The plasma probe is applied to an extracted tooth
Though it looks like a tiny purple blowtorch, a pencil-sized plume of plasma on the tip of a small probe remains at room temperature as it swiftly dismantles tough bacterial colonies deep inside a human tooth. But it’s not another futuristic product of George Lucas’ imagination. It’s the exciting work of USC School of Dentistry and Viterbi School of Engineering researchers looking for new ways to safely fight tenacious biofilm infections in patients – and it could revolutionize many facets of medicine.
Two of the study’s authors are Chunqi Jiang, a research assistant professor in the Ming Hsieh Department of Electrical Engineering-Electrophysics, and Parish Sedghizadeh, assistant professor of clinical dentistry and Director of the USC Center for Biofilms.
Sedghizadeh explained that biofilms are complex colonies of bacteria suspended in a slimy matrix that grants them added protection from conventional antibiotics. Biofilms are responsible for many hard-to-fight infections in the mouth and elsewhere. But in the study, biofilms cultivated in the root canal of extracted human teeth were easily destroyed with the plasma dental probe, as evidenced by scanning electron microscope images of near-pristine tooth surfaces after plasma treatment.
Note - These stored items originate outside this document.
(* Let $p \in (0,1)$. Define a sequence $\{X_i\}_{i\ge1}$ of $\{0,1\}$-valued random variables as follows: $X_1 = 1$ with probability one, and for each $n = 1,2,\dots$, let $U_n$ be uniformly distributed on $\{1,\dots,n\}$ (chosen independently of everything else) and set $X_{n+1} = X_{U_n}$ with probability $p$ and $X_{n+1} = 0$ with probability $1-p$ (all choices made independently). Let $H_n := \sum_{i=1}^n X_i$. For $k = 1,2,\dots$ and $n = 1,2,\dots$ let $$a_n^{(k)} := \frac{\Gamma(n+kp)}{\Gamma(n)\Gamma(1+kp)}.$$ Then for every $k = 1,2,\dots$ and every $n = 1,2,\dots$, $$E[(H_n)_k] = k! \sum_{i=1}^k (-1)^{k-i}\binom{k-1}{i-1} a_n^{(i)},$$ where $(x)_k := x(x-1)\cdots(x-k+1)$ denotes the falling factorial (with $(x)_1 = x$).
   Context: This is the ''laziest'' minimal random walk model of elephant type (parameter $q=0$, initial step $X_1=1$). Equivalently, the conditional law of $X_{n+1}$ given $X_1,\dots,X_n$ is $P(X_{n+1}=1\mid X_1,\dots,X_n) = p H_n/n$. *)

From HB Require Import structures.
From mathcomp Require Import all_boot all_order all_algebra.
From mathcomp Require Import all_classical all_reals all_analysis.
Set Implicit Arguments. Unset Strict Implicit. Unset Printing Implicit Defensive.
Import Order.TTheory GRing.Theory Num.Theory.
Local Open Scope ring_scope.
Local Open Scope classical_set_scope.

(* Euler's Gamma function: Gamma x = int_0^oo t^(x-1) e^(-t) dt
   (used only for x > 0, where the integral converges). *)
Definition Gamma (R : realType) (x : R) : R :=
  Rintegral (@lebesgue_measure R) `[0%R, +oo[%classic
    (fun t : R => t `^ (x - 1) * expR (- t)).

Definition a_coef (R : realType) (p : R) (k n : nat) : R :=
  Gamma (n%:R + k%:R * p) / (Gamma n%:R * Gamma (1 + k%:R * p)).

(* A state is the history xs = [:: X_1; ...; X_m].
   One step: U_m uniform on {1,...,m} (index u : 'I_m, 0-based) and,
   independently, a coin B_m with P(B_m = true) = p; then
   X_{m+1} = X_{U_m} if B_m, and X_{m+1} = 0 otherwise.
   [lerw_expect p j f xs] is the expectation of f(X_1,...,X_{m+j}) given
   the history xs (i.e. the sum over all choices of the j next
   (U, B) pairs, weighted by their product probabilities). *)
Fixpoint lerw_expect (R : realType) (p : R) (j : nat)
    (f : seq bool -> R) (xs : seq bool) : R :=
  match j with
  | 0 => f xs
  | j'.+1 =>
      let m := size xs in
      \sum_(u < m) (p * (m%:R)^-1) *
          lerw_expect p j' f (rcons xs (nth false xs u))
      + (1 - p) * lerw_expect p j' f (rcons xs false)
  end.

(* E[f(X_1,...,X_n)] with X_1 = 1 almost surely (n >= 1). *)
Definition lerw_E (R : realType) (p : R) (n : nat) (f : seq bool -> R) : R :=
  lerw_expect p n.-1 f [:: true].

Definition H_of (xs : seq bool) : nat := count id xs.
Plasma, the fourth state of matter, consists of electrons, ions, and neutral species and is the most common form found in space, stars, and lightning, Jiang said. But while many natural plasmas are hot, or thermal, the probe developed for the study is a non-thermal, room temperature plasma that’s safe to touch. The researchers placed temperature sensors on the extracted teeth before treatment and found that the temperature of the tooth increased for just five degrees after 10 minutes of exposure to the plasma, Jiang said.
The cooler nature of the experimental plasma comes from its pulsed power supply. Instead of employing a steady stream of energy to the probe, the pulsed power supply sends 100-nanosecond pulses of several kilovolts to the probe once every millisecond, with an average power less than 2 Watts, Jiang said.
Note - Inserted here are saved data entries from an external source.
Definition extend_perm (TL TG : finType) (eL : rel TL) (phi : TL -> TG) (v : TG)
  (gv : {perm phi_class eL phi v}) (w : TG) : TG :=
  match insub w : option (phi_class eL phi v) with
  | Some x => val (gv x)
  | None => w
  end.

(* a letter (x, true) is the generator x, (x, false) its inverse *)
Definition word (T : Type) := seq (T * bool).

Inductive raag_step (T : Type) (e : T -> T -> bool) : word T -> word T -> Prop :=
| rs_free (u w : word T) (x : T) (b : bool) :
    raag_step e (u ++ (x, b) :: (x, ~~ b) :: w) (u ++ w)
| rs_comm (u w : word T) (x y : T) (b c : bool) :
    e x y -> raag_step e (u ++ (x, b) :: (y, c) :: w) (u ++ (y, c) :: (x, b) :: w).

Definition raag_eq (T : Type) (e : T -> T -> bool) : word T -> word T -> Prop :=
  clos_refl_sym_trans _ (raag_step e).

Definition winv (T : Type) (w : word T) : word T := rev (map (fun p => (p.1, ~~ p.2)) w).

Definition wsubst (S T : Type) (f : S -> word T) (w : word S) : word T :=
  flatten (map (fun p => if p.2 then f p.1 else winv (f p.1)) w).

(* an assignment of generators defines a homomorphism A_S -> A_T *)
Definition is_hom (S T : Type) (eS : S -> S -> bool) (eT : T -> T -> bool) (f : S -> word T) : Prop :=
  forall a b, eS a b -> raag_eq eT (f a ++ f b) (f b ++ f a).

Definition is_raag_aut (T : Type) (e : T -> T -> bool) (F : T -> word T) : Prop :=
  is_hom e e F /\
  exists G : T -> word T, is_hom e e G /\
    forall a, raag_eq e (wsubst G (F a)) [:: (a, true)] /\
              raag_eq e (wsubst F (G a)) [:: (a, true)].

Definition induced_hom (TL TG : Type) (phi : TL -> TG) (u : TL) : word TG := [:: (phi u, true)].

Definition sym_aut (T : Type) (g : T -> T) (a : T) : word T := [:: (g a, true)].

Definition liftable (TL TG : Type) (eL : TL -> TL -> bool) (eG : TG -> TG -> bool)
  (phi : TL -> TG) (f : TG -> word TG) : Prop :=
  exists F : TL -> word TL, is_raag_aut eL F /\
    forall u, raag_eq eG (wsubst f (induced_hom phi u)) (wsubst (induced_hom phi) (F u)).

(* Vertices that are phi-equivalent are twins in Gamma: they have the same
   neighbours apart from each other.  Any permutation moving each vertex to a
   twin is a graph symmetry, which gives the first claim.

   For liftability, suppose first that v has a neighbour.  Every lift of a
   vertex c of the class has, over gamma(c), a lift that is its twin in Lambda,
   and choosing these twins gives a graph symmetry of Lambda over gamma.  It is
   injective because two distinct twins in one fibre over a non-isolated vertex
   would be two neighbours of a common vertex lying over the same point, which
   a covering map forbids.
   If v is isolated, the whole class consists of isolated vertices, whose
   fibres may have different sizes; gamma is then lifted by the automorphism
   u |-> u s(phi u)^-1 s(gamma (phi u)) of A_Lambda on lifts of isolated
   vertices, where s is a section of phi. *)
From Stdlib Require Import Relation_Operators.
From mathcomp Require Import all_boot.
From mathcomp Require Import fingroup perm.
Set Implicit Arguments. Unset Strict Implicit. Unset Printing Implicit Defensive.

Definition twins (T : eqType) (e : rel T) (a b : T) : Prop :=
  forall z, z != a -> z != b -> e a z = e b z.

Definition isolated (T : finType) (e : rel T) (x : T) : bool := [forall y, ~~ e x y].

Section Twins.

Variables (T : finType) (e : rel T).
Hypotheses (e_sym : symmetric e) (e_irr : irreflexive e).

Lemma twins_sym a b : twins e a b -> twins e b a.
Proof. by move=> tw z za zb; rewrite tw. Qed.

Lemma twins_trans a b c : twins e a b -> twins e b c -> twins e a c.
Proof.
move=> tab tbc z; case: (eqVneq z b) => [->|zb] za zc; last by rewrite tab // tbc.
case: (eqVneq a c) => [<-//|ac].
have eba : e b a = e c a by apply: tbc => //; rewrite eq_sym.
have eac : e a c = e b c by apply: tab => //; rewrite eq_sym.
by rewrite [e a b]e_sym eba [e c a]e_sym eac e_sym.
Qed.

Lemma twins_isolated a b : twins e a b -> isolated e a -> isolated e b.
Proof.
move=> tw /forallP iso; apply/forallP => z.
case: (eqVneq z b) => [->|zb]; first by rewrite e_irr.
case: (eqVneq z a) => [->|za]; first by rewrite e_sym iso.
by rewrite -tw.
Qed.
“Atomic oxygen [a single atom of oxygen, instead of the more common O2 molecule] appears to be the antibacterial agent,” according to plasma emission spectroscopy obtained during the experiments, she said.
Sedghizadeh said the oxygen free radicals might be disrupting the cellular membranes of the biofilms in order to cause their demise and that the plasma plume’s adjustable, fluid reach allowed the disinfection to occur even in the hardest-to-reach areas of the root canal.
Given that preliminary research indicates that non-thermal plasma is safe for surrounding tissues, Sedghizadeh said he was optimistic about its future dental and medical uses. Much like the spread of laser technology from research and surgical applications to routine clinical and consumer uses, plasma could change everything; especially since nonthermal plasmas don’t harbor the risks of tissue burns and eye damage that lasers do, he said.
“Plasma is the future,” Sedghizadeh said. “It’s been used before for other sterilization purposes but not for clinical medical applications, and we hope to be the first to apply it in a clinical setting.”
“We believe we’re the first team to apply plasma for biofilm disinfection in root canals,” Jiang added. “This collaboration is very unique. We’re attacking frontier problems, and we’re happy to be broadening our fields.”